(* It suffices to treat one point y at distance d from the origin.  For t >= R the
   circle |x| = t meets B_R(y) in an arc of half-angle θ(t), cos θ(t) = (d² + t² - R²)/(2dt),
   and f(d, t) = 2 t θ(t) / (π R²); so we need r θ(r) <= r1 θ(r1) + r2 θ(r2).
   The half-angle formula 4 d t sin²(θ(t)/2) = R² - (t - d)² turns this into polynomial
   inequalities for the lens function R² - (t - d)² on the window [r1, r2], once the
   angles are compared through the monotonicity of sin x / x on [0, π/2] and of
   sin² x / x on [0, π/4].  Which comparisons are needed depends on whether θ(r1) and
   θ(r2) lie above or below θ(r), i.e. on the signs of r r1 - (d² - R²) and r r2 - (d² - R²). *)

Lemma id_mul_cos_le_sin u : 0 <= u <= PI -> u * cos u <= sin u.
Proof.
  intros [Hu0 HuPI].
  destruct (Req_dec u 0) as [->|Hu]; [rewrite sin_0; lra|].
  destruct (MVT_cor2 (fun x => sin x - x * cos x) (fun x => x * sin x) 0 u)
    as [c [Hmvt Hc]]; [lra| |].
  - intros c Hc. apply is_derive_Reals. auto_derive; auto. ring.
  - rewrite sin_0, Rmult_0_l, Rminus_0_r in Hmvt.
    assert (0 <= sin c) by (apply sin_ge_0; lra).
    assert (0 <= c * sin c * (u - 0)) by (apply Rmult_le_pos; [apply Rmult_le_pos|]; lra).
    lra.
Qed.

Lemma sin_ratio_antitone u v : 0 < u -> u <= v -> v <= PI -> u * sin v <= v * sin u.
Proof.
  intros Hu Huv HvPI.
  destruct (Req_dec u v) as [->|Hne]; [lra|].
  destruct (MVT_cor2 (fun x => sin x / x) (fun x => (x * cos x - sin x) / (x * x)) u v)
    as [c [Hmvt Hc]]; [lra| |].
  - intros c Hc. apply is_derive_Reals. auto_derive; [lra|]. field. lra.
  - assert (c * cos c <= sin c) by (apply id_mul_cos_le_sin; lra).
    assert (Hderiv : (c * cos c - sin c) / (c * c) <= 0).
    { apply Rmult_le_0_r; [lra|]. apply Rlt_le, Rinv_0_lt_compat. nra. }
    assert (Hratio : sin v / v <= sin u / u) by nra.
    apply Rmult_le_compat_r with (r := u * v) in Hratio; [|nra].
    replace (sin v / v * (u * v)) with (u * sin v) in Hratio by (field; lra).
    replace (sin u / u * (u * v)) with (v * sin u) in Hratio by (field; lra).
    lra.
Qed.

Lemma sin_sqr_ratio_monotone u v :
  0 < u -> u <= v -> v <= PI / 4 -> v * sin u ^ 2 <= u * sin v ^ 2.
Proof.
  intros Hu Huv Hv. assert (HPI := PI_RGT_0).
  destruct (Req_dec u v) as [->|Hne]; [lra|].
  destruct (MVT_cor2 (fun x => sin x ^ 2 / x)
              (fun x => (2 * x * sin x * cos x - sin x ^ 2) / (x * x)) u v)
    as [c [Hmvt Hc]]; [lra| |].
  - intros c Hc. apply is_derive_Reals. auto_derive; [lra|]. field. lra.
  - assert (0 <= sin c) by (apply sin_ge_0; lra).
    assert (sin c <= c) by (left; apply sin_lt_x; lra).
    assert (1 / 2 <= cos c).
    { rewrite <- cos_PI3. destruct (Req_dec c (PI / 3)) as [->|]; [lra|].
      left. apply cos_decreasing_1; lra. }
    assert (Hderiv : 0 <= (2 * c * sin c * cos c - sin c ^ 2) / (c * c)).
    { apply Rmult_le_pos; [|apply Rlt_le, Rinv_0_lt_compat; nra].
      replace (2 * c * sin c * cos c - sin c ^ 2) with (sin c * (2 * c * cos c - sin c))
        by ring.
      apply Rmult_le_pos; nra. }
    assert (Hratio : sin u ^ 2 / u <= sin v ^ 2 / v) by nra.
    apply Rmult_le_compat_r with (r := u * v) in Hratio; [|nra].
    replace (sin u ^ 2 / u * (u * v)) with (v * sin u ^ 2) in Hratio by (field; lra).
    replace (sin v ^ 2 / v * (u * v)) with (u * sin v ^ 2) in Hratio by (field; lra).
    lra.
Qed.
--
Given the data above, transcribe exactly the lines from the one containing "replace (sin v /" down to the one containing "Rlt_le, Rinv_0_lt_compat; nra].", and no others.

Task output
    replace (sin v / v * (u * v)) with (u * sin v) in Hratio by (field; lra).
    replace (sin u / u * (u * v)) with (v * sin u) in Hratio by (field; lra).
    lra.
Qed.

Lemma sin_sqr_ratio_monotone u v :
  0 < u -> u <= v -> v <= PI / 4 -> v * sin u ^ 2 <= u * sin v ^ 2.
Proof.
  intros Hu Huv Hv. assert (HPI := PI_RGT_0).
  destruct (Req_dec u v) as [->|Hne]; [lra|].
  destruct (MVT_cor2 (fun x => sin x ^ 2 / x)
              (fun x => (2 * x * sin x * cos x - sin x ^ 2) / (x * x)) u v)
    as [c [Hmvt Hc]]; [lra| |].
  - intros c Hc. apply is_derive_Reals. auto_derive; [lra|]. field. lra.
  - assert (0 <= sin c) by (apply sin_ge_0; lra).
    assert (sin c <= c) by (left; apply sin_lt_x; lra).
    assert (1 / 2 <= cos c).
    { rewrite <- cos_PI3. destruct (Req_dec c (PI / 3)) as [->|]; [lra|].
      left. apply cos_decreasing_1; lra. }
    assert (Hderiv : 0 <= (2 * c * sin c * cos c - sin c ^ 2) / (c * c)).
    { apply Rmult_le_pos; [|apply Rlt_le, Rinv_0_lt_compat; nra].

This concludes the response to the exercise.